What is a Data Mart?
A data mart is the most simple format of data storage, often being considerably smaller than both data lakes and warehouses. Their smaller size is due to the fact that they are typically used within one department, with a repository of useful data for that team being processed and stored within the data mart.
As a data mart provides a concentrated location for specific data, it becomes very useful when a certain team needs to get instant access to insights on data that impacts them. Instead of having to move through complicated and vast data lakes or data warehouses, a data mart provides them with easy access to exactly what they’re looking for.
Considering the vast amounts of data collected by modern businesses, data marts have become increasingly popular over recent years. Acting as a singular, centralized location where relevant data to a particular department or team can be stored, their convenience and speed is by far their largest asset.
The three main benefits of a data mart are as follows:
● Quick – Smaller collections of data are easier to navigate and can, therefore, produce insights in a fraction of the time.
● Departmental Consistency – If you provide a whole department with a data mart, they’ll all be working off the same data. Due to this, you’ll have consistent analysis and reporting from every team within the department.
● Scalable – Necessary data can be rapidly added to a data mart, making this a great choice of repository for a project that will continuously be collecting new data and running analytics on it.
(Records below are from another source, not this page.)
(* x_(n+1) = x_n +- 3^-(n+1) z_n; the tail |x - x_(n+1)| <= 3^-(n+1) / 2 costs ell_n at most
   two thirds of the 3/4 m_n 3^-(n+1) gained at step n + 1. *)
Lemma gliding_hump (idx : nat -> I) (m : nat -> R) : (forall n, 0 < m n) ->
  (forall n x, W x -> Cmod (ell (idx n) x) <= m n * norm x) ->
  (forall n eps, 0 < eps -> exists z, W z /\ norm z <= 1 /\ m n - eps < Cmod (ell (idx n) z)) ->
  exists x, W x /\ forall n, (/ 3) ^ S n * m n / 4 <= Cmod (ell (idx n) x).
Proof.
  intros Hm Hbound Happ.
  destruct (choice (fun (p : nat * V) x' => W (snd p) -> W x' /\
      norm (sub x' (snd p)) <= (/ 3) ^ S (fst p) /\
      (/ 3) ^ S (fst p) * (3 / 4 * m (fst p)) <= Cmod (ell (idx (fst p)) x'))) as [next Hnext].
  { intros [n x]. destruct (classic (W x)) as [Hx|Hx]; [|exists x; tauto].
    destruct (gliding_hump_step (idx n) (m n) x ((/ 3) ^ S n)) as [x' Hx']; auto.
    - apply pow_lt. lra.
    - exists x'. auto. }
  set (u := nat_rect (fun _ => V) zero (fun n x => next (n, x))).
  assert (HuS : forall n, u (S n) = next (n, u n)) by reflexivity.
  assert (HuW : forall n, W (u n)).
  { induction n as [|n IH]; [apply W_zero|]. rewrite HuS. apply (Hnext (n, u n)), IH. }
  destruct (geometric_limit u) as [l [Hl [Hconv Hlim]]].
  - intro n. apply W_mem, HuW.
  - intro n. rewrite HuS. apply (Hnext (n, u n)), HuW.
  - assert (HlW : W l) by (apply (subspace_closed HW) with u; auto).
    exists l. split; auto. intro n.
    destruct (Hnext (n, u n) (HuW n)) as [_ [_ Hbig]]. rewrite <- HuS in Hbig. simpl fst in Hbig.
    assert (HdW : W (sub (u (S n)) l)) by (apply (subspace_sub HW); auto).
    assert (E : ell (idx n) l = Cminus (ell (idx n) (u (S n))) (ell (idx n) (sub (u (S n)) l))).
    { replace l with (add (scal (RtoC 1) (u (S n))) (scal (RtoC (-1)) (sub (u (S n)) l))) at 1
        by vring ax.
      rewrite ell_linear by auto. ring. }
    pose proof (Hbound n _ HdW). pose proof (Hlim (S n)).
    pose proof (Cmod_sub_ge (ell (idx n) (u (S n))) (ell (idx n) (sub (u (S n)) l))).
    pose proof (Hm n). pose proof (pow_lt (/ 3) (S n) ltac:(lra)).
    rewrite E. nra.
Qed.

(* Otherwise choose ell_n with norm at least 4^(n+1); at the gliding hump point x,
   |ell_n x| >= (4/3)^(n+1) / 4 is unbounded in n. *)
Theorem uniform_boundedness : exists M, 0 <= M /\ forall i x, W x -> Cmod (ell i x) <= M * norm x.
Proof.
  apply NNPP. intro Hno.
  assert (Hlarge : forall n, exists p : I * R, 4 ^ S n <= snd p /\
      (forall x, W x -> Cmod (ell (fst p) x) <= snd p * norm x) /\
      (forall eps, 0 < eps -> exists z, W z /\ norm z <= 1 /\ snd p - eps < Cmod (ell (fst p) z))).
  { intro n. assert (Hex : exists i x, W x /\ 4 ^ S n * norm x < Cmod (ell i x)).
    { apply NNPP. intro Hn. apply Hno. exists (4 ^ S n). split; [apply pow_le; lra|].
      intros i x Hx. apply Rnot_lt_le. intro. apply Hn. eauto. }
    destruct Hex as [i [x [Hx Hlt]]].
    destruct (functional_norm i) as [m [Hm0 [Hb Happ]]].
    exists (i, m). cbn [fst snd]. split; auto.
    pose proof (Hb x Hx). pose proof (sqrt_pos (sqnorm x)). fold (norm x) in *. nra. }
  destruct (choice _ Hlarge) as [p Hp].
  destruct (gliding_hump (fun n => fst (p n)) (fun n => snd (p n))) as [x [Hx Hhump]].
  - intro n. pose proof (proj1 (Hp n)). pose proof (pow_lt 4 (S n) ltac:(lra)). lra.
  - intro n. apply Hp.
  - intro n. apply Hp.
  - destruct (ell_pointwise_bounded x Hx) as [b Hb].
    destruct (Pow_x_infinity (4 / 3)) with (b := 4 * b + 1) as [N HN].
    { rewrite Rabs_pos_eq; lra. }
    specialize (HN (S N) ltac:(lia)). rewrite Rabs_pos_eq in HN by (apply pow_le; lra).
    assert (E : (4 / 3) ^ S N = (/ 3) ^ S N * 4 ^ S N)
      by (rewrite <- Rpow_mult_distr; f_equal; field).
    pose proof (Hb (fst (p N))). pose proof (Hhump N). pose proof (proj1 (Hp N)).
    pose proof (pow_lt (/ 3) (S N) ltac:(lra)). nra.
Qed.

End UniformBoundedness.

End PreHilbert.

Lemma CHilbert_pre_hilbert (X : CHilbert) :
  is_pre_hilbert (@hs_zero X) hs_add hs_opp hs_scal hs_inner (fun _ => True).
Proof.
  constructor; intros; auto using hs_addA, hs_addC, hs_add0, hs_addN, hs_scalA, hs_scal1,
    hs_scalDr, hs_scalDl, hs_innerDl, hs_innerZl, hs_innerC, hs_inner_ge0, hs_inner_eq0.
Qed.

Definition continuousX {X : CHilbert} (f : C -> X) (z : C) : Prop :=
  forall eps, 0 < eps -> exists delta, 0 < delta /\
    forall h, Cmod h < delta -> hnorm (vsub hs_add hs_opp (f (Cplus z h)) (f z)) < eps.

Section VectorFunctions.
Context {X : CHilbert}.
Let XA := CHilbert_pre_hilbert X.
Local Notation xsub := (vsub (@hs_add X) hs_opp).
Local Notation xnorm := (ip_norm (@hs_inner X)).

Lemma hnorm_ip_norm (x : X) : hnorm x = xnorm x.
Proof. reflexivity. Qed.

Lemma xnorm_small_eq0 (x : X) : (forall eps, 0 < eps -> xnorm x < eps) -> x = hs_zero.
Proof.
  intros H. apply (norm_eq0 XA); auto. pose proof (sqrt_pos (ip_sqnorm hs_inner x)).
  destruct (Req_dec (xnorm x) 0) as [Z|Z]; auto. specialize (H (xnorm x)). unfold ip_norm in *. lra.
Qed.

Lemma is_derivX_unique f z d1 d2 : is_derivX X f z d1 -> is_derivX X f z d2 -> d1 = d2.
Proof.
  intros H1 H2. apply (vsub_eq XA), xnorm_small_eq0. intros eps Heps.
  destruct (H1 (eps / 2)) as [e1 [He1 G1]]; [lra|].
  destruct (H2 (eps / 2)) as [e2 [He2 G2]]; [lra|].
  pose proof (Rmin_l e1 e2). pose proof (Rmin_r e1 e2). pose proof (Rmin_glb_lt e1 e2 0 He1 He2).
  set (h := RtoC (Rmin e1 e2 / 2)).
  assert (Hh : h <> RtoC 0) by (unfold h; intro E; injection E; lra).
  assert (Hmod : Cmod h = Rmin e1 e2 / 2) by (unfold h; rewrite Cmod_R, Rabs_pos_eq; lra).
  specialize (G1 h Hh ltac:(lra)). specialize (G2 h Hh ltac:(lra)).
  set (q := hs_scal (Cinv h) (hs_add (f (Cplus z h)) (hs_opp (f z)))) in *.
  pose proof (norm_sub_triangle XA d1 q d2 I I I) as Htri.
  rewrite (norm_sub_sym XA d1 q) in Htri by auto.
  rewrite !hnorm_ip_norm in *. unfold vsub in *. lra.
Qed.

Lemma derivX_eq f z d : is_derivX X f z d -> derivX X f z = d.
Proof.
  intros H. apply (is_derivX_unique f z); auto.
  unfold derivX. apply epsilon_spec. exists d; auto.
Qed.

Lemma is_derivX_continuous f z d : is_derivX X f z d -> continuousX f z.
Proof.
  intros H eps Heps. destruct (H 1 ltac:(lra)) as [del [Hdel G]].
  pose proof (sqrt_pos (ip_sqnorm hs_inner d)) as Hd0. fold (xnorm d) in Hd0.
  set (r := Rmin del (eps / (xnorm d + 1))).
  assert (Hr : 0 < r) by (apply Rmin_glb_lt; auto; apply Rdiv_lt_0_compat; lra).
  exists r. split; auto. intros h Hh. rewrite hnorm_ip_norm.
  destruct (Ceq_dec h (RtoC 0)) as [->|E].
  - rewrite Cplus_0_r. unfold vsub. rewrite hs_addN, (norm_zero XA). lra.
  - specialize (G h E (Rlt_le_trans _ _ _ Hh (Rmin_l _ _))). rewrite hnorm_ip_norm in G.
    set (q := hs_scal (Cinv h) (hs_add (f (Cplus z h)) (hs_opp (f z)))) in *.
    (* f (z + h) - f z = h q, and q stays within 1 of d *)
    assert (Eq : xsub (f (Cplus z h)) (f z) = hs_scal h q).
    { unfold q. rewrite hs_scalA, Cinv_r, hs_scal1 by auto. reflexivity. }
    rewrite Eq, (norm_scal XA) by auto.
    assert (Hq : xnorm q <= xnorm d + 1).
    { pose proof (norm_sub_triangle XA q d hs_zero I I I) as Htri.
      rewrite !(norm_sub_zero XA) in Htri. unfold vsub in Htri. lra. }
    assert (Hh2 : Cmod h * (xnorm d + 1) < eps).
    { apply Rlt_le_trans with (r * (xnorm d + 1)); [apply Rmult_lt_compat_r; lra|].
      unfold r. apply Rle_trans with (eps / (xnorm d + 1) * (xnorm d + 1)).
      - apply Rmult_le_compat_r; [lra|apply Rmin_r].
      - right. field. lra. }
    pose proof (Cmod_ge_0 h). pose proof (sqrt_pos (ip_sqnorm hs_inner q)). nra.
Qed.

Lemma is_derivX_comb f g z a b d1 d2 : is_derivX X f z d1 -> is_derivX X g z d2 ->
  is_derivX X (fadd X (fscal X a f) (fscal X b g)) z (hs_add (hs_scal a d1) (hs_scal b d2)).
Proof.
  intros H1 H2 eps Heps.
  pose proof (Cmod_ge_0 a). pose proof (Cmod_ge_0 b).
  set (e := eps / (Cmod a + Cmod b + 1)).
  assert (He : 0 < e) by (apply Rdiv_lt_0_compat; lra).
  destruct (H1 e He) as [e1 [He1 G1]]. destruct (H2 e He) as [e2 [He2 G2]].
  exists (Rmin e1 e2). split; [apply Rmin_glb_lt; auto|].
  intros h Hh Hm. specialize (G1 h Hh (Rlt_le_trans _ _ _ Hm (Rmin_l _ _))).
  specialize (G2 h Hh (Rlt_le_trans _ _ _ Hm (Rmin_r _ _))).
  rewrite hnorm_ip_norm in *. unfold fadd, fscal.
  set (q1 := hs_add (hs_scal (/ h) (hs_add (f (z + h)%C) (hs_opp (f z)))) (hs_opp d1)) in *.
  set (q2 := hs_add (hs_scal (/ h) (hs_add (g (z + h)%C) (hs_opp (g z)))) (hs_opp d2)) in *.
  match goal with |- xnorm ?E < _ => replace E with (hs_add (hs_scal a q1) (hs_scal b q2)) end.
  2: { unfold q1, q2. vring XA. }
  eapply Rle_lt_trans; [apply (norm_triangle XA); auto|].
  rewrite !(norm_scal XA) by auto.
  assert (Cmod a * e + Cmod b * e < eps).
  { unfold e. apply Rmult_lt_reg_r with (Cmod a + Cmod b + 1); [lra|].
    field_simplify; lra. }
  pose proof (sqrt_pos (ip_sqnorm hs_inner q1)). pose proof (sqrt_pos (ip_sqnorm hs_inner q2)).
  fold (xnorm q1) (xnorm q2) in *. nra.
Qed.

Lemma is_derivX_Tshift (g : C -> X) beta :
  continuousX g beta -> is_derivX X (Tshift X beta g) beta (g beta).
Proof.
  intros Hc eps Heps. destruct (Hc eps Heps) as [d [Hd G]]. exists d. split; auto.
  intros h Hh Hm. specialize (G h Hm). unfold Tshift, fadd, fopp, fscal, Tmul.
  match goal with |- hnorm ?E < _ => replace E with (xsub (g (Cplus beta h)) (g beta)); auto end.
  vring XA. field. auto.
Qed.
What are the central differences between these three forms of data storage?
Putting these three data architectures next to one another, core differences both in their use cases, as well as their size, scope, and complexity.
Let’s give a brief overview:
● Data Warehouse – These are designed to support business analysis for entire organizations, often spanning over huge amounts of data – both past and present. Considering the wide use of the data, it is pooled from various sources and will store structured data that is ready for analysis.
● Data Lake – While storing large amounts of data, just like a warehouse, a data lake focuses on both unstructured and structured data. Without a specific use in mind, lakes act as vast repositories of information that people can turn to for analytics. There is no predefined use, meaning data is often just left as it is, without necessarily being processed beforehand.
● Data Mart – Finally, we turn to a data mart, which is a much smaller form of data storage. Instead of holding data for a whole organization, a data mart draws from fewer sources and stores much less data. Due to this, they are mainly used for a specific department, holding sales data, marketing data, or financial data. Small, specific, and incredibly focused are all descriptors of a data mart.
Within these three, if broad comparisons were to be made, you could suggest that data mart and warehouses are similar in intention, but not in size. On the other hand, data warehouses and data lakes are similar in size, but not in intent.
While there are a range of different methods for storing data for analysis within the world of business, each has a suggested use commonly associated with that method. Due to each having specific functions, no one form of data storage is more inherently useful than another.
While a data warehouse might have a vast quantity of data for analysis, if you want fast insights, then a specified data mart would be the better option. This scenario is the same when reversed, with different storage options being perfect for different intents. When constructing a data storage architecture, start with your intent and work backward, using different structures for the distinct use cases that you come across.
By using a blend of all three of these systems, you’ll have a comprehensive base to organize and manage the data that your business receives.